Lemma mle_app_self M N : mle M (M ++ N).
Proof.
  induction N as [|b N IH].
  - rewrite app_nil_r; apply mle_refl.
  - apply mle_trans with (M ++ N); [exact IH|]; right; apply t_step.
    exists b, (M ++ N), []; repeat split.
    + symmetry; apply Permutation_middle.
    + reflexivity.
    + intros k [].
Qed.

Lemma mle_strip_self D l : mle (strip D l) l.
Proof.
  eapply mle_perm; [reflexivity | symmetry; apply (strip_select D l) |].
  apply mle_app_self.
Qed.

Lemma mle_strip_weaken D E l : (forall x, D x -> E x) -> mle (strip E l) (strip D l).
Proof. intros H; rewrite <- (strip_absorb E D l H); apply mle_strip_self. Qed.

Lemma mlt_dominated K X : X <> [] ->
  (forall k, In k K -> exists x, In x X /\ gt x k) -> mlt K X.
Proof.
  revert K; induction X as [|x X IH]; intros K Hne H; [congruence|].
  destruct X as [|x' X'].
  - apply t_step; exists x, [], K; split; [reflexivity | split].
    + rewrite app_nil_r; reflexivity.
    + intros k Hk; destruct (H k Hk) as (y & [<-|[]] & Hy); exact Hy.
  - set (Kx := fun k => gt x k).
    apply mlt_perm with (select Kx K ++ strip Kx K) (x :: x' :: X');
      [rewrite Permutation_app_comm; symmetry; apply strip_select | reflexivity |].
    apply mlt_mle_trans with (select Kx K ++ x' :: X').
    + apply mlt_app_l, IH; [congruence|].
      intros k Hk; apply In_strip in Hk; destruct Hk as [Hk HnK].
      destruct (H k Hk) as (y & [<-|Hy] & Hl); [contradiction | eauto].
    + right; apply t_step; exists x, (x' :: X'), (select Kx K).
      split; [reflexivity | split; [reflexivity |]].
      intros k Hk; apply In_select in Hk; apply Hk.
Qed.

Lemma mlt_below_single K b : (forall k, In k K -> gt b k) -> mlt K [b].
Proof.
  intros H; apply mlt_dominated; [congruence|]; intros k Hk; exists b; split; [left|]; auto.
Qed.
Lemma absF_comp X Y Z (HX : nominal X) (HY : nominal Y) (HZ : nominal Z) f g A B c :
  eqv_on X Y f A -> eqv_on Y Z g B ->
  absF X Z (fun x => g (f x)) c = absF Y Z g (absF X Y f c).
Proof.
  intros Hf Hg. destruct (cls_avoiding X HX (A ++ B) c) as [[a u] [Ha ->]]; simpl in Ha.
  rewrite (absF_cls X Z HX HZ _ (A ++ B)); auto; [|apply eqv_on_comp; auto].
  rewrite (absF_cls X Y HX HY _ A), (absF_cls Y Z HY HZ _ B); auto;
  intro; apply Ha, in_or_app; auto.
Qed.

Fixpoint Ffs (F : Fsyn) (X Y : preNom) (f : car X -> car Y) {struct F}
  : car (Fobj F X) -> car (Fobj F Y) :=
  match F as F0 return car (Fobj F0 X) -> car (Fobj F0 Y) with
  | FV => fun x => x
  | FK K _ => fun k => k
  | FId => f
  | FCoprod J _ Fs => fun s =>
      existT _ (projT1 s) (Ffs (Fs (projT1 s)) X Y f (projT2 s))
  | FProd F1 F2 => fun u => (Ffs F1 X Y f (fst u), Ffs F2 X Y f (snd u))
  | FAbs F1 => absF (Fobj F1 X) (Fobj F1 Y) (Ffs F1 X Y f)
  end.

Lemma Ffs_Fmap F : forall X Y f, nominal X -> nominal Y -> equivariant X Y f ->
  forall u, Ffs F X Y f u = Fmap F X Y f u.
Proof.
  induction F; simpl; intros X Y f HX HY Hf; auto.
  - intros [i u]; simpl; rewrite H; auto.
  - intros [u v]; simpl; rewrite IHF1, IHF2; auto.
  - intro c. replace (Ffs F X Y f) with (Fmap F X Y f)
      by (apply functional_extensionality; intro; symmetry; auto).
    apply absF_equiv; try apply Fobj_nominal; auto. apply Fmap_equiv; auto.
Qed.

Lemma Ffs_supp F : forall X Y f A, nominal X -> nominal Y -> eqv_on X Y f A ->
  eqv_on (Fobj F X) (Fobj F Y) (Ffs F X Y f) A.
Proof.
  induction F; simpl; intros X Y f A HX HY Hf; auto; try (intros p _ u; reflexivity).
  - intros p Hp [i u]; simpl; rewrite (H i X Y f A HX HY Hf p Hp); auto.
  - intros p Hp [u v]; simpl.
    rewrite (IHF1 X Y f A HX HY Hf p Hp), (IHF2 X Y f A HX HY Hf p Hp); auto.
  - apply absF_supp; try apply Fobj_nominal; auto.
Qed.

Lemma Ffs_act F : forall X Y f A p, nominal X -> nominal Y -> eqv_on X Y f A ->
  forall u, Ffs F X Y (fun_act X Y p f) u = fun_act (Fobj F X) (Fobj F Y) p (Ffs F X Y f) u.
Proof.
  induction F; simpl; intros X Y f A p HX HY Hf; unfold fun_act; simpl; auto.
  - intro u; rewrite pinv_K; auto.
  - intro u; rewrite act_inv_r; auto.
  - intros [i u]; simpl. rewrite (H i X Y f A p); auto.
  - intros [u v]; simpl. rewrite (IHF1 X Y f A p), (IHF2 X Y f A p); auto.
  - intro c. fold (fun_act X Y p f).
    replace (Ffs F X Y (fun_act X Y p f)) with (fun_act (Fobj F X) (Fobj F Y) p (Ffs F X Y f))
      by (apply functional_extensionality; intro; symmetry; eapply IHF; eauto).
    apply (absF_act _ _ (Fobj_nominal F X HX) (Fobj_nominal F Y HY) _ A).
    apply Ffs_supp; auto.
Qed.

==

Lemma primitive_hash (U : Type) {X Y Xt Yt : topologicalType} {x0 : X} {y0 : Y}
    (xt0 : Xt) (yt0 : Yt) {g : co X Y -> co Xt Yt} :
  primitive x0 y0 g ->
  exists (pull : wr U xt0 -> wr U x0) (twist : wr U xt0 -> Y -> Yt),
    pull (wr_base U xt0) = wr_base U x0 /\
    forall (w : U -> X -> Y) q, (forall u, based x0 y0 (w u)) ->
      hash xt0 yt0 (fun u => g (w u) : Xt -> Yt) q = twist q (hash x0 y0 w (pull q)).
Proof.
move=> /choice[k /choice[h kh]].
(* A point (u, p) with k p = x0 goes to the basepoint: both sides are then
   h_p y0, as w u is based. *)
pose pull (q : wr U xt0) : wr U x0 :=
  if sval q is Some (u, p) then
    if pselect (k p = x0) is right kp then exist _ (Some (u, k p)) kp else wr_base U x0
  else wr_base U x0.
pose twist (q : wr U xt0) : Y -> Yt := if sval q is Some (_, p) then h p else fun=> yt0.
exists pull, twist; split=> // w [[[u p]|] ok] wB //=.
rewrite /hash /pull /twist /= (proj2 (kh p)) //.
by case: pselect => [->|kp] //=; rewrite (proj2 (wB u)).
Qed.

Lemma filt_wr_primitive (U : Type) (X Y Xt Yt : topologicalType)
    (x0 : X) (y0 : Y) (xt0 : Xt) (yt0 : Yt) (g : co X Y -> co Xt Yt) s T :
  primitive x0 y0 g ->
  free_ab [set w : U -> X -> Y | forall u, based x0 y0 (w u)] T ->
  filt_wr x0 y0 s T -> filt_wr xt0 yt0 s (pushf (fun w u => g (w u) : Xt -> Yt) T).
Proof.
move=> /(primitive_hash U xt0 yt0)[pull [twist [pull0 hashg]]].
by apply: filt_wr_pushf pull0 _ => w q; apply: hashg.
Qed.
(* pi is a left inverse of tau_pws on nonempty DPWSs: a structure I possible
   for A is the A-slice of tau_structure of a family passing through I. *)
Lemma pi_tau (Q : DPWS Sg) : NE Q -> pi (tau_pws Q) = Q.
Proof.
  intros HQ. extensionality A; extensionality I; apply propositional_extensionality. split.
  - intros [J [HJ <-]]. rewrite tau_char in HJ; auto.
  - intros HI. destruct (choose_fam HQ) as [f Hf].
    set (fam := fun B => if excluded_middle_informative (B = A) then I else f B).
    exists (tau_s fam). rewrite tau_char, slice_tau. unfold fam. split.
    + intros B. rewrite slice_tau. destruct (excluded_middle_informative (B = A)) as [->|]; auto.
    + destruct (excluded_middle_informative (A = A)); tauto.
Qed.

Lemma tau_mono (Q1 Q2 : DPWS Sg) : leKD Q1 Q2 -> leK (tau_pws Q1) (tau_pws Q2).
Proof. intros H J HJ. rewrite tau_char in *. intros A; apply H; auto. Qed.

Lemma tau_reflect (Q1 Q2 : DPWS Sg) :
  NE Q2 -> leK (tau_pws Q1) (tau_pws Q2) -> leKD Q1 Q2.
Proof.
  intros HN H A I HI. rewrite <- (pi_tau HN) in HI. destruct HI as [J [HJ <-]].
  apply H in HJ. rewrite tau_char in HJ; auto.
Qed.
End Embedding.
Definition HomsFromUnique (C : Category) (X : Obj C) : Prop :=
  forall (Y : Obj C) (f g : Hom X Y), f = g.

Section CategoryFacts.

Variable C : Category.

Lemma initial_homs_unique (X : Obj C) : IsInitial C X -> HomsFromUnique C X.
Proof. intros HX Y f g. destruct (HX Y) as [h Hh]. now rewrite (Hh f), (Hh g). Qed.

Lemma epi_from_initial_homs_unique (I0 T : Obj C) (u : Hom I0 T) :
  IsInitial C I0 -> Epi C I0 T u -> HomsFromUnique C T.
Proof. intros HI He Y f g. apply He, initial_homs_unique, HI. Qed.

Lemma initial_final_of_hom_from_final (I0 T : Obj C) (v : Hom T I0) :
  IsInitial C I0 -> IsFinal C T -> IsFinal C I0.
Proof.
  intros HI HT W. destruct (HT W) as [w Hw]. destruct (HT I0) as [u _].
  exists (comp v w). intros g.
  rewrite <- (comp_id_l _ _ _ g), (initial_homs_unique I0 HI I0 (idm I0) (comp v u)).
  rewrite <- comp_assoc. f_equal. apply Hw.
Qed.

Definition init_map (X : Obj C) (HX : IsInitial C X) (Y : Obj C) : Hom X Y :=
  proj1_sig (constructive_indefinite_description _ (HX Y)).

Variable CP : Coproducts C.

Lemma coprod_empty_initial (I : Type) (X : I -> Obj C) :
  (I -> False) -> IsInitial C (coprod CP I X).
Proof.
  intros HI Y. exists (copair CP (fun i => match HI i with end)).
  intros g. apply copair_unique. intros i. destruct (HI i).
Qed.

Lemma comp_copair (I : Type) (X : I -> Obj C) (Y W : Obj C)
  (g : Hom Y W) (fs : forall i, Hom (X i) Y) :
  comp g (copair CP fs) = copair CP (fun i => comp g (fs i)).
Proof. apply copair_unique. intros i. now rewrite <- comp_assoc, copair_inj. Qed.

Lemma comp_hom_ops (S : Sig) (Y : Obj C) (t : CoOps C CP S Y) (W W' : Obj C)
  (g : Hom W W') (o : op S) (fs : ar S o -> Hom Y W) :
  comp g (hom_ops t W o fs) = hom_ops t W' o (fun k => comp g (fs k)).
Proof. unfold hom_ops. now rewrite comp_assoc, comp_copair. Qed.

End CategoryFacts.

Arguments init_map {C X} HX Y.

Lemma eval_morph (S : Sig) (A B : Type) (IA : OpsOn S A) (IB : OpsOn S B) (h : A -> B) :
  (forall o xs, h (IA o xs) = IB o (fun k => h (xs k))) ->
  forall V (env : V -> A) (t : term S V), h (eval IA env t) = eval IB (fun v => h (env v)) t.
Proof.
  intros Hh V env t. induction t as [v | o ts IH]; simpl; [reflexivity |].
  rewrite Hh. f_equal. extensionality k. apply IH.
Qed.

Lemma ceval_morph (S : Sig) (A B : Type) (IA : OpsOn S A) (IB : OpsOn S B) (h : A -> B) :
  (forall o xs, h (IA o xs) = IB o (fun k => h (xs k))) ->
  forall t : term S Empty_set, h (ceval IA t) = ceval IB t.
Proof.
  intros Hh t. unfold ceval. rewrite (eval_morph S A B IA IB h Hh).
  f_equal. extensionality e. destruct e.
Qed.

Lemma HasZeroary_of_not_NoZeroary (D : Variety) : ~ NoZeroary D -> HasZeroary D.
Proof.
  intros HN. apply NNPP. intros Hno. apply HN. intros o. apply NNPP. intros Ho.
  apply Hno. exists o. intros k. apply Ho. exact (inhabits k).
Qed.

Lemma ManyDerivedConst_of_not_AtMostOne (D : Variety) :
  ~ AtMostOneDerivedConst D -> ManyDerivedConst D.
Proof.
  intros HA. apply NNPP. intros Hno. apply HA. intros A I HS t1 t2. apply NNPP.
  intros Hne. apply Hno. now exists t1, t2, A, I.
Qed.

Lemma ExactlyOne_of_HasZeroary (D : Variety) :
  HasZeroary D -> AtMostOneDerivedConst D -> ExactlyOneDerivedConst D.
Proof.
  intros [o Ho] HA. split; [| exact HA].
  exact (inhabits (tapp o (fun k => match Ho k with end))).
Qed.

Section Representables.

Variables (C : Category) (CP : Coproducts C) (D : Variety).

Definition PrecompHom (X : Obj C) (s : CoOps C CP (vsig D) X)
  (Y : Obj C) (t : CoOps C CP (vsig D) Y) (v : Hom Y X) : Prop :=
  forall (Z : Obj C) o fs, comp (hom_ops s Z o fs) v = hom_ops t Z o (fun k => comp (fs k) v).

▶ [Exercise requirements]:
Here the job is to set down exactly the lines of the material above that fall between the one with "intros HA. apply" and the one with "forall (Z : Obj", inclusive, and nothing beyond them.

▶ [Output for this task]:
  intros HA. apply NNPP. intros Hno. apply HA. intros A I HS t1 t2. apply NNPP.
  intros Hne. apply Hno. now exists t1, t2, A, I.
Qed.

Lemma ExactlyOne_of_HasZeroary (D : Variety) :
  HasZeroary D -> AtMostOneDerivedConst D -> ExactlyOneDerivedConst D.
Proof.
  intros [o Ho] HA. split; [| exact HA].
  exact (inhabits (tapp o (fun k => match Ho k with end))).
Qed.

Section Representables.

Variables (C : Category) (CP : Coproducts C) (D : Variety).

Definition PrecompHom (X : Obj C) (s : CoOps C CP (vsig D) X)
  (Y : Obj C) (t : CoOps C CP (vsig D) Y) (v : Hom Y X) : Prop :=
  forall (Z : Obj C) o fs, comp (hom_ops s Z o fs) v = hom_ops t Z o (fun k => comp (fs k) v).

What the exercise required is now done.